No surprise that the magazine didn't catch that error during its post-publication fact check - another one of its authors made the same mistake here. Monica Crowley in The Washington Times:
During his public life, Barack Obama has often referred to his biracial background and itinerant childhood and has said, "In no other country on Earth is my story even possible." True.
But earlier this year, while attending the European summit of the Group of 20 major economic countries, the president was asked if he believed in American exceptionalism. He replied, "I believe in American exceptionalism, just as I suspect that the Brits believe in British exceptionalism, and the Greeks believe in Greek exceptionalism."
Here's Victor Davis Hanson: "After all, Obama has rejected in explicit language the notion of American exceptionalism." And Michael Barone:
"I believe in American exceptionalism," Obama said on one of his trips to Europe, "just as I suspect that Brits believe in British exceptionalism and the Greeks believe in Greek exceptionalism." In other words, not at all. One cannot imagine Presidents Roosevelt, Truman or Kennedy, Eisenhower or Reagan, uttering such sentiments.
When asked if he believes in American exceptionalism, President Obama said yes, but he was sure that the British and the Belgians also believed in their countries’ exceptionalism.
President Obama’s version of American exceptionalism is Lake Woebegon’s children: they’re all above average. Or perhaps, he’d be more at home in Alice in Wonderland’s Caucus Race, where everyone runs and everyone gets prizes.

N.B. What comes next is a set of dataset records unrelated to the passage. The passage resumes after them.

(* Let $m\mathcal{M}$ be the maximal matching feature. Then for every weighted graph $(G,f)$ one has $\sigma^{m\mathcal{M}}_{(G,f)}=\varrho^{m\mathcal{M}}_{(G,f)}$, and the generator $\sigma^{m\mathcal{M}}=\varrho^{m\mathcal{M}}$ is balanced: for every graph $G=(V,E)$, every two filtering functions $f,g:E\to\mathbb{R}$ and every $h>0$ with $\sup_{e\in E}|f(e)-g(e)|\le h$, $\sigma^{m\mathcal{M}}_{(G,f)}(u-h,v+h)\le\sigma^{m\mathcal{M}}_{(G,g)}(u,v)$ for all $(u,v)\in\Delta^+$.
   Context: Graphs are finite simple undirected graphs; a weighted graph is $(G,f)$ with $G=(V,E)$, $f:E\to\mathbb{R}$. For $u\in\mathbb{R}$, $G_u=(V_u,E_u)$ is the subgraph induced by the edge set $f^{-1}((-\infty,u])$ (vertices: endpoints of these edges), $G_{+\infty}=G$. $\Delta^+=\{(u,v)\in\mathbb{R}\times(\mathbb{R}\cup\{+\infty\}):u<v\}$, with $+\infty+h=+\infty$. A feature assigns to every graph $H=(V_H,E_H)$ a function $2^{V_H\cup E_H}\to\{true,false\}$. The matching feature $\mathcal{M}$ is true on $X$ iff $X$ is a set of edges of $H$ no two of which share a vertex. The maximal feature $m\mathcal{F}$ of a feature $\mathcal{F}$ is: $m\mathcal{F}(X)=true$ in $H$ iff $\mathcal{F}(X)=true$ in $H$ and there is no $Y\subseteq V_H\cup E_H$ with $X\subsetneq Y$ and $\mathcal{F}(Y)=true$. Thus $m\mathcal{M}$ is true exactly on maximal matchings. For a feature $\mathcal{F}$: $X\subseteq V\cup E$ is an $\mathcal{F}$-set at level $w$ if $X\subseteq V_w\cup E_w$ and $\mathcal{F}(X)=true$ in $G_w$; a steady $\mathcal{F}$-set at $(u,v)\in\Delta^+$ if it is an $\mathcal{F}$-set at all levels $w\in[u,v]$; a ranging $\mathcal{F}$-set at $(u,v)$ if it is an $\mathcal{F}$-set at some level $w\le u$ and at some level $w'\ge v$. $\sigma^{\mathcal{F}}_{(G,f)}(u,v)$ and $\varrho^{\mathcal{F}}_{(G,f)}(u,v)$ are the numbers of steady, resp. ranging, $\mathcal{F}$-sets at $(u,v)$. *)

From HB Require Import structures.
From mathcomp Require Import all_boot all_order all_algebra.
From mathcomp Require Import boolp reals.
Set Implicit Arguments. Unset Strict Implicit. Unset Printing Implicit Defensive.
Import Order.TTheory GRing.Theory Num.Theory.
Local Open Scope ring_scope.

(* A finite simple graph G = (V, E): vertex type V, edge type E, and each edge
   e has a set of endpoints [ends e] of size 2; [ends] injective (no multi-edges). *)

Inductive lev (R : Type) := Fin of R | PInf.
Arguments PInf {R}.

Definition lev_le (R : realType) (a b : lev R) : Prop :=
  match a, b with
  | Fin x, Fin y => x <= y
  | _, PInf => True
  | PInf, Fin _ => False
  end.

Definition lev_add (R : realType) (a : lev R) (h : R) : lev R :=
  match a with Fin x => Fin (x + h) | PInf => PInf end.

Section Graphs.
Variables (R : realType) (V E : finType) (ends : E -> {set V}).

(* A (sub)graph H = (VH, EH) of G is given by its vertex and edge sets.
   A feature assigns to H a predicate on subsets of V_H u E_H, which we
   represent as subsets of V + E (the disjoint union of vertices and edges). *)
Definition feature := {set V} -> {set E} -> {set (V + E)} -> Prop.

Definition elems (VH : {set V}) (EH : {set E}) : {set (V + E)} :=
  [set x | match x with inl v => v \in VH | inr e => e \in EH end].

Definition matching_feature : feature := fun VH EH X =>
  (forall x, x \in X -> exists2 e, x = inr e & e \in EH) /\
  (forall e1 e2, inr e1 \in X -> inr e2 \in X -> e1 <> e2 ->
     [disjoint ends e1 & ends e2]).

Definition maximal_feature (F : feature) : feature := fun VH EH X =>
  F VH EH X /\
  ~ (exists Y : {set (V + E)},
       Y \subset elems VH EH /\ X \proper Y /\ F VH EH Y).

Definition Elev (f : E -> R) (w : lev R) : {set E} :=
  match w with Fin u => [set e | f e <= u] | PInf => setT end.

Definition Vlev (f : E -> R) (w : lev R) : {set V} :=
  match w with
  | Fin u => \bigcup_(e in Elev f (Fin u)) ends e
  | PInf => setT
  end.

Definition Fset_at (F : feature) (f : E -> R) (w : lev R) (X : {set (V + E)}) :=
  X \subset elems (Vlev f w) (Elev f w) /\ F (Vlev f w) (Elev f w) X.

Definition steady (F : feature) (f : E -> R) (u : R) (v : lev R) X :=
  forall w : lev R, lev_le (Fin u) w -> lev_le w v -> Fset_at F f w X.

Definition ranging (F : feature) (f : E -> R) (u : R) (v : lev R) X :=
  (exists w : lev R, lev_le w (Fin u) /\ Fset_at F f w X) /\
  (exists w' : lev R, lev_le v w' /\ Fset_at F f w' X).

Definition sigmaF (F : feature) (f : E -> R) (u : R) (v : lev R) : nat :=
  #|[set X : {set (V + E)} | `[< steady F f u v X >]]|.

Definition rhoF (F : feature) (f : E -> R) (u : R) (v : lev R) : nat :=
  #|[set X : {set (V + E)} | `[< ranging F f u v X >]]|.

End Graphs.

From HB Require Import structures.
From mathcomp Require Import all_boot all_order all_algebra.
From mathcomp Require Import boolp reals.
From mathcomp Require Import lra.
Import Order.TTheory GRing.Theory Num.Theory.
Local Open Scope ring_scope.

(* Matching is a monotone feature: a matching of a subgraph stays a matching of
   any supergraph.  For a monotone feature F the maximal feature mF is convex:
   if X is mF-maximal in G1 and in G3, with G1 a subgraph of G2 and G2 a
   subgraph of G3, then X is an F-set of G2, and any F-set of G2 strictly
   containing X would be one of G3 too.  Sublevel graphs increase with the
   level, so being an mF-set at levels a <= c forces it at every level between:
   steady and ranging sets coincide.  If |f - g| <= h then
   G^f_{w-h} <= G^g_w <= G^f_{w+h}, so by convexity every steady set of f at
   (u-h, v+h) is a steady set of g at (u, v). *)

Section Levels.
Context {R : realType}.
Implicit Types (a b c : lev R) (x h : R).

Lemma lev_le_refl a : lev_le a a.
Proof. by case: a => //= x; exact: lexx. Qed.

Lemma lev_le_trans {a b c} : lev_le a b -> lev_le b c -> lev_le a c.
Proof. by case: a => [x|]; case: b => [y|]; case: c => [z|] //=; exact: le_trans. Qed.

Lemma PInf_lev_le {b} : lev_le PInf b -> b = PInf.
Proof. by case: b. Qed.

Lemma lev_le_add {a b} h : lev_le a b -> lev_le (lev_add a h) (lev_add b h).
Proof. by case: a => [x|]; case: b => [y|] //=; rewrite lerD2r. Qed.

Context {E : finType}.
Implicit Types (f g : E -> R).

Lemma Elev_le f a b : lev_le a b -> Elev f a \subset Elev f b.
Proof.
case: b => [y|] ab; last exact: subsetT.
case: a ab => [x|] //= xy; apply/subsetP => e; rewrite !inE => fex.
exact: le_trans xy.
Qed.

Lemma Elev_subset_shift f g x h :
  (forall e, g e <= f e + h) -> Elev f (Fin x) \subset Elev g (Fin (x + h)).
Proof.
move=> gf; apply/subsetP => e; rewrite !inE => fex.
by apply: le_trans (gf e) _; rewrite lerD2r.
Qed.

Lemma Vlev_subset (V : finType) (ends : E -> {set V}) f g a b :
  Elev f a \subset Elev g b -> (a = PInf -> b = PInf) ->
  Vlev ends f a \subset Vlev ends g b.
Proof.
case: b => [y|] sE ab; last exact: subsetT.
case: a sE ab => [x|] sE ab; last by have := ab erefl.
apply/bigcupsP => e fe; apply: (bigcup_max e) => //; exact: (subsetP sE).
Qed.

Lemma Vlev_le (V : finType) (ends : E -> {set V}) f a b :
  lev_le a b -> Vlev ends f a \subset Vlev ends f b.
Proof.
move=> ab; apply: Vlev_subset => [|a_inf]; first exact: Elev_le.
by apply: PInf_lev_le; rewrite -a_inf.
Qed.

End Levels.

Section MonotoneFeatures.
Context {V E : finType}.
Implicit Types (F : feature V E) (X : {set (V + E)}).

Definition monotone_feature F := forall (V1 V2 : {set V}) (E1 E2 : {set E}) X,
  V1 \subset V2 -> E1 \subset E2 -> F V1 E1 X -> F V2 E2 X.

Lemma elems_subset {V1 V2 : {set V}} {E1 E2 : {set E}} :
  V1 \subset V2 -> E1 \subset E2 -> elems V1 E1 \subset elems V2 E2.
Proof.
move=> sV sE; apply/subsetP => -[v|e]; rewrite !inE.
  exact: (subsetP sV).
exact: (subsetP sE).
Qed.

Lemma matching_feature_monotone (ends : E -> {set V}) :
  monotone_feature (matching_feature ends).
Proof.
move=> V1 V2 E1 E2 X _ sE [inE1 disj]; split => // x /inE1 [e -> e1].
by exists e => //; exact: (subsetP sE).
Qed.

Lemma maximal_feature_convex {F} {V1 V2 V3 : {set V}} {E1 E2 E3 : {set E}} {X} :
  monotone_feature F ->
  V1 \subset V2 -> E1 \subset E2 -> V2 \subset V3 -> E2 \subset E3 ->
  X \subset elems V1 E1 /\ maximal_feature F V1 E1 X ->
  X \subset elems V3 E3 /\ maximal_feature F V3 E3 X ->
  X \subset elems V2 E2 /\ maximal_feature F V2 E2 X.
Proof.
move=> monoF sV12 sE12 sV23 sE23 [X1 [FX _]] [_ [_ maxX]].
split; first exact: subset_trans X1 (elems_subset sV12 sE12).
split; first exact: monoF FX.
move=> [Y [Y2 [XY FY]]]; apply: maxX; exists Y.
split; first exact: subset_trans Y2 (elems_subset sV23 sE23).
by split; last exact: monoF FY.
Qed.

Context {R : realType}.
Variable ends : E -> {set V}.
Context {F : feature V E}.
Hypothesis monoF : monotone_feature F.
Let mF := maximal_feature F.

Lemma Fset_at_between {f : E -> R} {a b c : lev R} {X} :
  lev_le a b -> lev_le b c ->
  Fset_at ends mF f a X -> Fset_at ends mF f c X -> Fset_at ends mF f b X.
Proof.
move=> ab bc Xa Xc; apply: (maximal_feature_convex monoF _ _ _ _ Xa Xc);
  by [apply: Vlev_le | apply: Elev_le].
Qed.

Lemma steady_iff_ranging (f : E -> R) {u : R} {v : lev R} X :
  lev_le (Fin u) v -> steady ends mF f u v X <-> ranging ends mF f u v X.
Proof.
move=> uv; split => [stX | [[w [wu Xw]] [w' [vw' Xw']]] w'' uw'' w''v].
  have uu := lev_le_refl (Fin u); have vv := lev_le_refl v.
  by split; [exists (Fin u) | exists v]; split => //; apply: stX.
apply: Fset_at_between Xw Xw'; first exact: lev_le_trans wu uw''.
exact: lev_le_trans w''v vw'.
Qed.

Lemma sigmaF_rhoF (f : E -> R) (u : R) (v : lev R) :
  lev_le (Fin u) v -> sigmaF ends mF f u v = rhoF ends mF f u v.
Proof.
move=> uv; rewrite /sigmaF /rhoF; apply: eq_card => X; rewrite !inE.
by have [st_ra ra_st] := steady_iff_ranging f X uv; apply/asboolP/asboolP.
Qed.

Lemma steady_shift (f g : E -> R) (h u : R) (v : lev R) X :
  0 <= h -> (forall e, `|f e - g e| <= h) ->
  steady ends mF f (u - h) (lev_add v h) X -> steady ends mF g u v X.
Proof.
move=> h0 fg stX [x|] ux xv; last first.
  (* at level +oo the sublevel graph is G itself, for f as for g *)
  by move: stX; rewrite (PInf_lev_le xv) => stX; exact: (stX PInf I I).
have gf e : g e <= f e + h by move: (fg e); rewrite ler_norml; lra.
have fg' e : f e <= g e + h by move: (fg e); rewrite ler_norml; lra.
have xh_vh : lev_le (Fin (x + h)) (lev_add v h) by exact: (lev_le_add h xv).
have X_lo : Fset_at ends mF f (Fin (x - h)) X.
  apply: stX; first by move: ux => /=; lra.
  by apply: lev_le_trans xh_vh => /=; lra.
have X_hi : Fset_at ends mF f (Fin (x + h)) X.
  by apply: stX => //=; move: ux => /=; lra.
have sE_lo : Elev f (Fin (x - h)) \subset Elev g (Fin x).
  by rewrite -{2}(subrK h x); exact: Elev_subset_shift.
have sE_hi : Elev g (Fin x) \subset Elev f (Fin (x + h)) by exact: Elev_subset_shift.
by apply: (maximal_feature_convex monoF _ sE_lo _ sE_hi X_lo X_hi);
  apply: Vlev_subset.
Qed.

Lemma sigmaF_balanced (f g : E -> R) (h u : R) (v : lev R) :
  0 <= h -> (forall e, `|f e - g e| <= h) ->
  (sigmaF ends mF f (u - h) (lev_add v h) <= sigmaF ends mF g u v)%N.
Proof.
move=> h0 fg; apply: subset_leq_card; apply/subsetP => X; rewrite !inE.
by move=> /asboolP stX; apply/asboolP; exact: steady_shift stX.
Qed.

End MonotoneFeatures.

Theorem proposition5 (R : realType) (V E : finType) (ends : E -> {set V})
  (ends2 : forall e, #|ends e| = 2%N) (ends_inj : injective ends) :
  (forall (f : E -> R) (u : R) (v : lev R), lev_le (Fin u) v /\ Fin u <> v ->
     sigmaF ends (maximal_feature (matching_feature ends)) f u v =
     rhoF ends (maximal_feature (matching_feature ends)) f u v) /\
  (forall (f g : E -> R) (h : R), 0 < h ->
     (forall e, `|f e - g e| <= h) ->
     forall (u : R) (v : lev R), lev_le (Fin u) v /\ Fin u <> v ->
       (sigmaF ends (maximal_feature (matching_feature ends)) f (u - h) (lev_add v h)
        <= sigmaF ends (maximal_feature (matching_feature ends)) g u v)%N).
Proof.
have monoM := matching_feature_monotone ends.
split=> [f u v [uv _] | f g h h0 fg u v _].
  exact: (sigmaF_rhoF ends monoM f u v uv).
exact: (sigmaF_balanced ends monoM f g h u v (ltW h0) fg).
Qed.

What's especially remarkable about this hackery - and there are numerous other examples - is that these conservative authors don't just egregiously misrepresent the president's actual position. It's that all of them actually cite, as evidence, an out of context line from the very speech that proves their analysis is wrong.
You can call this truthiness if you like. Better, the Dish believes, to call it what it is. A deliberate campaign of misinformation. A Big Lie.
(Photo: US President Barack Obama waves to the media as he enters his presidential car upon arrival at the Halim Perdana Kusuma airport in Jakarta on November 9, 2010. By Roslan Rahman/AFP/Getty.)